To do: Please repeat the records exactly from their first line, finishing at the line containing "exchanging the partners" and including it.

-- Data provided follows --

(* Let $G'(L'\cup R',E')$ be a bipartite graph with $|L'|=|R'|=N$ in which every vertex has degree at least $2N/3$. Then for any edge $e\in E'$, the probability that $e$ belongs to a perfect matching of $G'$ chosen uniformly at random is at most $3/N$. *)

From HB Require Import structures.
From mathcomp Require Import all_boot all_order all_algebra all_fingroup.
Set Implicit Arguments. Unset Strict Implicit. Unset Printing Implicit Defensive.
Import GRing.Theory Num.Theory.

(* A bipartite graph G'(L' ∪ R', E') with |L'| = |R'| = N is encoded by
   labelling both sides by 'I_N; adj i j (i in L', j in R') means the edge
   {i, j} is in E'. *)

Definition ldeg N (adj : 'I_N -> 'I_N -> bool) (i : 'I_N) : nat :=
  #|[set j | adj i j]|.
Definition rdeg N (adj : 'I_N -> 'I_N -> bool) (j : 'I_N) : nat :=
  #|[set i | adj i j]|.

Definition perfect_matching N (adj : 'I_N -> 'I_N -> bool) (s : 'S_N) : bool :=
  [forall i, adj i (s i)].

Definition perfect_matchings N (adj : 'I_N -> 'I_N -> bool) : {set 'S_N} :=
  [set s | perfect_matching adj s].

Definition pm_edge_prob N (adj : 'I_N -> 'I_N -> bool) (i j : 'I_N) : rat :=
  (#|[set s in perfect_matchings adj | s i == j]|%:R
     / #|perfect_matchings adj|%:R)%R.

From HB Require Import structures.
From mathcomp Require Import all_boot all_order all_algebra all_fingroup.
From mathcomp Require Import zify.
Import GRing.Theory Num.Theory.
Set Implicit Arguments.
Unset Strict Implicit.
Local Open Scope ring_scope.

(* Switching argument.  Given a perfect matching s containing the edge (i, j),
   every left vertex k with i ~ s k and k ~ j yields a new perfect matching by
   exchanging the partners of i and k; by the degree hypothesis there are at
   least N/3 such k.  Distinct pairs (s, k) give distinct matchings, because k
   is recovered as the new partner of j.  Hence N/3 * #(matchings through
   (i, j)) <= #(all matchings). *)

Lemma two_thirds_le_natr (R : numFieldType) (N x : nat) :
  2 * N%:R / 3 <= x%:R :> R -> (2 * N <= 3 * x)%N.
Proof.
by rewrite ler_pdivrMr ?ltr0n // -natrM -[3 : R]/(3%:R) -natrM ler_nat (mulnC x).
Qed.

Lemma ratio_le_natr (R : numFieldType) (a b c n : nat) :
  (0 < n)%N -> (a * n <= c * b)%N -> a%:R / b%:R <= c%:R / n%:R :> R.
Proof.
move=> n_gt0 le_an_cb; have [->|b_gt0] := posnP b.
  by rewrite invr0 mulr0 divr_ge0.
by rewrite ler_pdivrMr ?ltr0n // mulrAC ler_pdivlMr ?ltr0n // -!natrM ler_nat.
Qed.

Lemma leq_addcards_setI (T : finType) (A B : {set T}) :
  (#|A| + #|B| <= #|T| + #|A :&: B|)%N.
Proof. by rewrite -cardsUI leq_add2r max_card. Qed.

Section Switching.

Variables (N : nat) (adj : 'I_N -> 'I_N -> bool) (i j : 'I_N).

Definition switch_set (s : 'S_N) : {set 'I_N} :=
  [set k | adj i (s k) && adj k j].

Definition switch (k : 'I_N) (s : 'S_N) : 'S_N := (tperm i k * s)%g.

Lemma ldeg_perm (s : 'S_N) : #|[set k | adj i (s k)]| = ldeg adj i.
Proof.
rewrite /ldeg -(card_preimset [set l | adj i l] (@perm_inj _ s)).
by apply: eq_card => k; rewrite !inE.
Qed.

Lemma degD_leq_card_switch_set (s : 'S_N) :
  (ldeg adj i + rdeg adj j <= N + #|switch_set s|)%N.
Proof.
have -> : switch_set s = [set k | adj i (s k)] :&: [set k | adj k j].
  by apply/setP => k; rewrite !inE.
by rewrite -(ldeg_perm s) -[X in (_ <= X + _)%N]card_ord leq_addcards_setI.
Qed.

Lemma switch_perfect (s : 'S_N) (k : 'I_N) :
  perfect_matching adj s -> s i = j -> k \in switch_set s ->
  perfect_matching adj (switch k s).
Proof.
move=> /forallP s_pm sij; rewrite inE => /andP [adj_i_sk adj_kj].
apply/forallP => x; rewrite /switch permM.
by case: tpermP => [->|->|_ _] //; rewrite sij.
Qed.

Lemma switch_inj (s s' : 'S_N) (k k' : 'I_N) :
  s i = j -> s' i = j -> switch k s = switch k' s' -> (s, k) = (s', k').
Proof.
move=> sij s'ij eq_sw.
have switch_j l (t : 'S_N) : t i = j -> switch l t l = j by move=> tij; rewrite permM tpermR.
have ekk' : k = k'.
  by apply: (@perm_inj _ (switch k' s')); rewrite switch_j // -eq_sw switch_j.
by move: eq_sw; rewrite /switch ekk' => /mulgI ->.
Qed.

Lemma sum_card_switch_set_leq :
  (\sum_(s in [set s in perfect_matchings adj | s i == j]) #|switch_set s|
     <= #|perfect_matchings adj|)%N.
Proof.
set Pe := [set s in _ | _].
pose D := [set p : 'S_N * 'I_N | (p.1 \in Pe) && (p.2 \in switch_set p.1)].
have -> : (\sum_(s in Pe) #|switch_set s|)%N = #|D|.
  rewrite -sum1_card (eq_bigr (fun s => \sum_(k in switch_set s) 1)%N).
    by rewrite pair_big_dep; apply: eq_bigl => p; rewrite /D inE.
  by move=> s _; rewrite sum1_card.
have D_edge p : p \in D -> p.1 i = j /\ perfect_matching adj p.1.
  by rewrite !inE => /andP [/andP [? /eqP ?] _].
have switch_inj_D : {in D &, injective (fun p => switch p.2 p.1)}.
  move=> [s k] [s' k'] /D_edge [sij _] /D_edge [s'ij _].
  exact: switch_inj.
rewrite -(card_in_imset switch_inj_D); apply: subset_leq_card.
apply/subsetP => _ /imsetP [[s k] pD ->]; rewrite inE.
move: (pD) => /D_edge [sij s_pm]; rewrite inE in pD.
by apply: switch_perfect => //; case/andP: pD.
Qed.

End Switching.

Theorem mainTheorem13 (N : nat) (adj : 'I_N -> 'I_N -> bool)
  (hL : forall i : 'I_N, (2 * N%:R / 3 <= (ldeg adj i)%:R :> rat)%R)
  (hR : forall j : 'I_N, (2 * N%:R / 3 <= (rdeg adj j)%:R :> rat)%R)
  (i j : 'I_N) (he : adj i j) :
  (pm_edge_prob adj i j <= 3 / N%:R)%R.
Proof.
have N_gt0 : (0 < N)%N := leq_ltn_trans (leq0n i) (ltn_ord i).
have third_le_switch s : (N <= 3 * #|switch_set adj i j s|)%N.
  have := degD_leq_card_switch_set adj i j s.
  have := two_thirds_le_natr (hL i); have := two_thirds_le_natr (hR j); lia.
apply: ratio_le_natr => //.
apply: leq_trans (leq_mul (leqnn 3) (sum_card_switch_set_leq adj i j)).
rewrite big_distrr -sum1_card big_distrl /=.
by apply: leq_sum => s _; rewrite mul1n.
Qed.
(* Let $n\ge 2$, let $G=P_n$ be a path all of whose edges have weight $p\in(0,1)$, and let $\alpha\in(0,1)$. Then $\operatorname{cptw}(G,\alpha)$ is the minimum value of $m$ for which \[\sum_{s=n-1}^{m}\binom{m}{s}p^s(1-p)^{m-s}\ \ge\ \alpha.\]
   Context: Let $G$ be a finite simple graph in which each edge $uv$ has a weight $w_{uv}\in(0,1)$. Weighted zero forcing: start with a set $B\subseteq V(G)$ of blue vertices, all other vertices white. In each round, simultaneously, for every blue vertex $u$ that has exactly one white neighbor $v$ (with respect to the coloring at the start of the round), $u$ attempts to force $v$, succeeding with probability $w_{uv}$, all attempts being independent; a white vertex becomes blue at the end of the round if at least one attempt on it succeeds. $B$ is a weighted zero forcing set of $G$ if this process can eventually color all of $V(G)$ blue (equivalently, $B$ is a zero forcing set of the underlying unweighted graph under the standard rule); $\operatorname{Z}(G)$ is the minimum size of such a set. $\operatorname{ptw}(G,B)$ is the random variable giving the round in which the last white vertex becomes blue ($0$ if $B=V(G)$). For $\alpha\in(0,1)$, $\operatorname{cptw}(G,B,\alpha)$ is the least $t\ge 0$ with $\Pr(\operatorname{ptw}(G,B)\le t)\ge\alpha$, and $\operatorname{cptw}(G,\alpha)$ is the minimum of $\operatorname{cptw}(G,B,\alpha)$ over weighted zero forcing sets $B$ with $|B|=\operatorname{Z}(G)$. *)

From HB Require Import structures.
From mathcomp Require Import all_boot all_order all_algebra.
Set Implicit Arguments. Unset Strict Implicit. Unset Printing Implicit Defensive.
Import Order.TTheory GRing.Theory Num.Theory.
Local Open Scope ring_scope.

Section WZF.
Variables (R : realFieldType) (T : finType) (adj : rel T) (w : T -> T -> R).

Definition white_nbrs (S : {set T}) (u : T) : {set T} :=
  [set v | adj u v && (v \notin S)].

Definition forcers (S : {set T}) : {set T} :=
  [set u in S | #|white_nbrs S u| == 1%N].

(* blue set after a round in which exactly the forcers in A succeed *)
Definition after_round (S A : {set T}) : {set T} :=
  S :|: [set v | [exists u in A, v \in white_nbrs S u]].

-- Data provided concluded --

Exercise answer:
(* Let $G'(L'\cup R',E')$ be a bipartite graph with $|L'|=|R'|=N$ in which every vertex has degree at least $2N/3$. Then for any edge $e\in E'$, the probability that $e$ belongs to a perfect matching of $G'$ chosen uniformly at random is at most $3/N$. *)

From HB Require Import structures.
From mathcomp Require Import all_boot all_order all_algebra all_fingroup.
Set Implicit Arguments. Unset Strict Implicit. Unset Printing Implicit Defensive.
Import GRing.Theory Num.Theory.

(* A bipartite graph G'(L' ∪ R', E') with |L'| = |R'| = N is encoded by
   labelling both sides by 'I_N; adj i j (i in L', j in R') means the edge
   {i, j} is in E'. *)

Definition ldeg N (adj : 'I_N -> 'I_N -> bool) (i : 'I_N) : nat :=
  #|[set j | adj i j]|.
Definition rdeg N (adj : 'I_N -> 'I_N -> bool) (j : 'I_N) : nat :=
  #|[set i | adj i j]|.

Definition perfect_matching N (adj : 'I_N -> 'I_N -> bool) (s : 'S_N) : bool :=
  [forall i, adj i (s i)].

Definition perfect_matchings N (adj : 'I_N -> 'I_N -> bool) : {set 'S_N} :=
  [set s | perfect_matching adj s].

Definition pm_edge_prob N (adj : 'I_N -> 'I_N -> bool) (i j : 'I_N) : rat :=
  (#|[set s in perfect_matchings adj | s i == j]|%:R
     / #|perfect_matchings adj|%:R)%R.

From HB Require Import structures.
From mathcomp Require Import all_boot all_order all_algebra all_fingroup.
From mathcomp Require Import zify.
Import GRing.Theory Num.Theory.
Set Implicit Arguments.
Unset Strict Implicit.
Local Open Scope ring_scope.

(* Switching argument.  Given a perfect matching s containing the edge (i, j),
   every left vertex k with i ~ s k and k ~ j yields a new perfect matching by
   exchanging the partners of i and k; by the degree hypothesis there are at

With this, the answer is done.